Generate run-length type group id
rleid.Rd
A convenience function for generating a run-length type id column to be used in grouping operations. It accepts atomic vectors, lists, data.frames or data.tables as input.
Usage
rleid(..., prefix=NULL)
rleidv(x, cols=seq_along(x), prefix=NULL)
Arguments
- x
A vector, list, data.frame or data.table.
- ...
A sequence of numeric, integer64, character or logical vectors, all of same length. For interactive use.
- cols
Only meaningful for lists, data.frames or data.tables. A character vector of column names (or numbers) of x.
- prefix
Either
NULL
(default) or a character vector of length=1 which is prefixed to the row ids, returning a character vector (instead of an integer vector).
Details
At times aggregation (or grouping) operations need to be performed where consecutive runs of identical values should belong to the same group (See rle
). The use for such a function has come up repeatedly on StackOverflow, see the See Also
section. This function allows to generate "run-length" groups directly.
rleid
is designed for interactive use and accepts a sequence of vectors as arguments. For programming, rleidv
might be more useful.
Value
When prefix = NULL
, an integer vector with same length as NROW(x)

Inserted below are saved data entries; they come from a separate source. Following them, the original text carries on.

(* Let $(Q,\infty)$, $\alpha$, $\beta$, $\bar\zeta$, $\mathcal C$, $0\in I$ be as in the context, let $d\ge1$ be an integer with $d\beta_i\le\alpha_i$ for all $i\in I$, let $\zeta\in\mathcal C$, and let $\zeta^\sharp$ and $U$ be as in the context. Then a representation $\rho_\sharp$ of $Q^\sharp$ on $U$ is $\zeta^\sharp$-stable if and only if it is $\bar\zeta$-semistable and every sub-representation $S\subseteq U$ with $\sum_{i\in I}\bar\zeta_i\dim S_i=0$ and $S_{\infty'}=\mathbb C$ equals $U$.
   Context: A framed quiver is a quiver with relations $Q=(Q_0,Q_1,Q_2)$ (arrows $a$ from $\mathrm{out}(a)$ to $\mathrm{in}(a)$; each relation $l\in Q_2$ a linear combination of paths with common beginning $\mathrm{out}(l)$ and ending $\mathrm{in}(l)$) together with a vertex $\infty\in Q_0$; $I=Q_0\setminus\{\infty\}$ and $\mathrm{out}(l),\mathrm{in}(l)\in I$ for all $l$. Fix $\alpha\in\mathbb Z_{\ge0}^{Q_0}$ with $\alpha_\infty=1$. Walls are the hyperplanes $(\beta')^\perp=\{\zeta\in\mathbb R^I\mid\sum_i\zeta_i\beta'_i=0\}$ for $\beta'\in\mathbb Z_{\ge0}^I\setminus\{0\}$ with $\beta'_i\le\alpha_i$ for all $i$; chambers are the connected components of the complement of the union of walls. Fix such a $\beta$ and $\bar\zeta\in\beta^\perp$ lying on no wall other than $\beta^\perp$; let $\mathcal C$ be the chamber whose closure contains $\bar\zeta$ and on which $\sum_i\zeta_i\beta_i<0$. Fix $0\in I$ with $\beta_0\neq0$. The quiver $Q^\sharp$ has vertices $Q_0\sqcup\{\infty'\}$, arrows $Q_1$ plus one new arrow $\infty'\to0$, and relations $Q_2$. Let $U=\bigoplus_{v\in Q_0\sqcup\{\infty'\}}U_v$ with $\dim U_i=d\beta_i$ ($i\in I$), $U_\infty=0$, $U_{\infty'}=\mathbb C$. Define $\zeta^\sharp$ by $\zeta^\sharp_i=\zeta_i$ ($i\in I$), $\zeta^\sharp_\infty=0$, $\zeta^\sharp_{\infty'}=-\sum_{i\in I}\zeta_i d\beta_i$. A representation of $Q^\sharp$ on $U$ is $\zeta^\sharp$-stable if every sub-representation $S$ (graded subspace stable under all arrow maps) with $0\ne S\ne U$ satisfies $\sum_v\zeta^\sharp_v\dim S_v<0$. It is $\bar\zeta$-semistable if every sub-representation $S$ satisfies $\sum_{i\in I}\bar\zeta_i\dim S_i\le0$. *)

From HB Require Import structures.
From mathcomp Require Import all_boot all_order all_algebra.
From mathcomp Require Import complex.
From mathcomp Require Import all_classical all_reals all_analysis.
Import numFieldNormedType.Exports.

Set Implicit Arguments.
Unset Strict Implicit.
Unset Printing Implicit Defensive.

Import Order.TTheory GRing.Theory Num.Theory.
Local Open Scope ring_scope.

(* Linear maps act on row vectors: the map of a is x |-> x *m rho a, so a   *)
(* path [:: a1; a2; ..; ak] (first a1, then a2, ...) is evaluated as        *)
(* rho a1 *m rho a2 *m ... *m rho ak.                                        *)
(* A graded subspace S is given by matrices S v whose row spaces are S_v;   *)
Section QuiverReps.
Variables (K : fieldType) (V A : finType) (src tgt : A -> V) (n : V -> nat).

Definition qrep := forall a : A, 'M[K]_(n (src a), n (tgt a)).

Fixpoint pend (v : V) (p : seq A) : V :=
  if p is a :: p' then pend (tgt a) p' else v.

Fixpoint is_path (v : V) (p : seq A) : bool :=
  if p is a :: p' then (src a == v) && is_path (tgt a) p' else true.

(* evaluation of a path starting at v (meaningful when is_path v p) *)
Fixpoint peval (rho : qrep) (v : V) (p : seq A) : 'M[K]_(n v, n (pend v p)) :=
  if p is a :: p' return 'M[K]_(n v, n (pend v p)) then
    conform_mx 0 (rho a *m peval rho (tgt a) p')
  else 1%:M.

Record qrel := QRel { rsrc : V; rtgt : V; rterms : seq (K * seq A) }.

Definition qrel_wf (l : qrel) : bool :=
  all (fun t => is_path (rsrc l) t.2 && (pend (rsrc l) t.2 == rtgt l)) (rterms l).

Definition rep_sat (rho : qrep) (l : qrel) : Prop :=
  \sum_(t <- rterms l) t.1 *: (conform_mx 0 (peval rho (rsrc l) t.2)
                                : 'M[K]_(n (rsrc l), n (rtgt l))) = 0.

Definition subrep (rho : qrep) (S : forall v : V, 'M[K]_(n v)) : Prop :=
  forall a : A, (S (src a) *m rho a <= S (tgt a))%MS.

Definition is_zero_sub (S : forall v : V, 'M[K]_(n v)) : Prop :=
  forall v, S v = 0.

Definition is_full_sub (S : forall v : V, 'M[K]_(n v)) : Prop :=
  forall v, row_full (S v).

End QuiverReps.

(* Framed quivers: Q_0 = option I, with None the framing vertex oo.         *)
Record framed_rel (K : Type) (I A : Type) :=
  FRel { fr_src : I; fr_tgt : I; fr_terms : seq (K * seq A) }.

Definition framed_rel_lift (K : fieldType) (I A : finType) (l : framed_rel K I A)
  : qrel K (option I) A := QRel (Some (fr_src l)) (Some (fr_tgt l)) (fr_terms l).

(* The quiver Q^sharp: vertices option (option I), with None = oo' and
   Some None = oo; arrows option A, with None the new arrow oo' -> i0.     *)
Section Sharp.
Variables (I A : finType) (src tgt : A -> option I) (i0 : I).

Definition sh_src (a : option A) : option (option I) :=
  if a is Some a' then Some (src a') else None.
Definition sh_tgt (a : option A) : option (option I) :=
  if a is Some a' then Some (tgt a') else Some (Some i0).

Definition sh_path (p : seq A) : seq (option A) := map Some p.

Definition framed_rel_sharp (K : fieldType) (l : framed_rel K I A)
  : qrel K (option (option I)) (option A) :=
  QRel (Some (Some (fr_src l))) (Some (Some (fr_tgt l)))
       (map (fun t => (t.1, sh_path t.2)) (fr_terms l)).
End Sharp.

(* dimension vector of U: dim U_i = d beta_i, U_oo = 0, U_oo' = C *)
Definition dimU (I : finType) (d : nat) (beta : I -> nat) (v : option (option I)) : nat :=
  match v with
  | None => 1%N
  | Some None => 0%N
  | Some (Some i) => (d * beta i)%N
  end.

Section Walls.
Variables (R : realType) (I : finType).

Definition pairing (z : I -> R) (b : I -> nat) : R := \sum_i z i * (b i)%:R.

Definition wall_vec (alpha : option I -> nat) (b : I -> nat) : Prop :=
  (exists i, b i != 0%N) /\ (forall i, (b i <= alpha (Some i))%N).

Definition wall (b : I -> nat) : set {ptws I -> R} := [set z | pairing z b = 0].

Definition off_walls (alpha : option I -> nat) : set {ptws I -> R} :=
  [set z | forall b, wall_vec alpha b -> ~ wall b z].

Definition is_chamber (alpha : option I -> nat) (C : set {ptws I -> R}) : Prop :=
  exists2 z, off_walls alpha z & C = connected_component (off_walls alpha) z.

Definition chamber_C (alpha : option I -> nat) (beta : I -> nat)
  (zetabar : {ptws I -> R}) (C : set {ptws I -> R}) : Prop :=
  [/\ is_chamber alpha C, closure C zetabar & forall z, C z -> pairing z beta < 0].

Definition zeta_sharp (d : nat) (beta : I -> nat) (zeta : I -> R)
  (v : option (option I)) : R :=
  match v with
  | None => - \sum_i zeta i * (d * beta i)%:R
  | Some None => 0
  | Some (Some i) => zeta i
  end.
End Walls.

From HB Require Import structures.
From mathcomp Require Import all_boot all_order all_algebra.
From mathcomp Require Import complex.
From mathcomp Require Import all_classical all_reals all_analysis.
Import numFieldNormedType.Exports.
Import Order.TTheory GRing.Theory Num.Theory.
Local Open Scope ring_scope.

(* For a sub-representation S of U put s = (dim S_i)_i.  As dim U_oo' = 1,
   either S_oo' = 0 and the zeta^sharp-weight of S is zeta.s, or S_oo' = C and
   it is -zeta.(d beta - s).  Both s and d beta - s are bounded by alpha, so when
   nonzero they are wall vectors, and for a wall vector b we have zeta.b < 0 iff
   zetabar.b <= 0: off beta^perp this is the constancy of signs on the chamber C
   whose closure contains zetabar, and on beta^perp (the only wall through
   zetabar) both sides hold.  With zetabar.beta = 0 the first case becomes
   zetabar-semistability and the second the condition on S with S_oo' = C. *)

Set Implicit Arguments.
Unset Strict Implicit.
Unset Printing Implicit Defensive.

, else a character vector with the value in prefix
prefixed to the ids obtained.
Examples
DT = data.table(grp=rep(c("A", "B", "C", "A", "B"), c(2,2,3,1,2)), value=1:10)
rleid(DT$grp) # get run-length ids
#> [1] 1 1 2 2 3 3 3 4 5 5
rleidv(DT, "grp") # same as above
#> [1] 1 1 2 2 3 3 3 4 5 5
rleid(DT$grp, prefix="grp") # prefix with 'grp'
#> [1] "grp1" "grp1" "grp2" "grp2" "grp3" "grp3" "grp3" "grp4" "grp5" "grp5"
# get sum of value over run-length groups
DT[, sum(value), by=.(grp, rleid(grp))]
#> grp rleid V1
#> <char> <int> <int>
#> 1: A 1 3
#> 2: B 2 7
#> 3: C 3 18
#> 4: A 4 8
#> 5: B 5 19
DT[, sum(value), by=.(grp, rleid(grp, prefix="grp"))]
#> grp rleid V1
#> <char> <char> <int>
#> 1: A grp1 3
#> 2: B grp2 7
#> 3: C grp3 18
#> 4: A grp4 8
#> 5: B grp5 19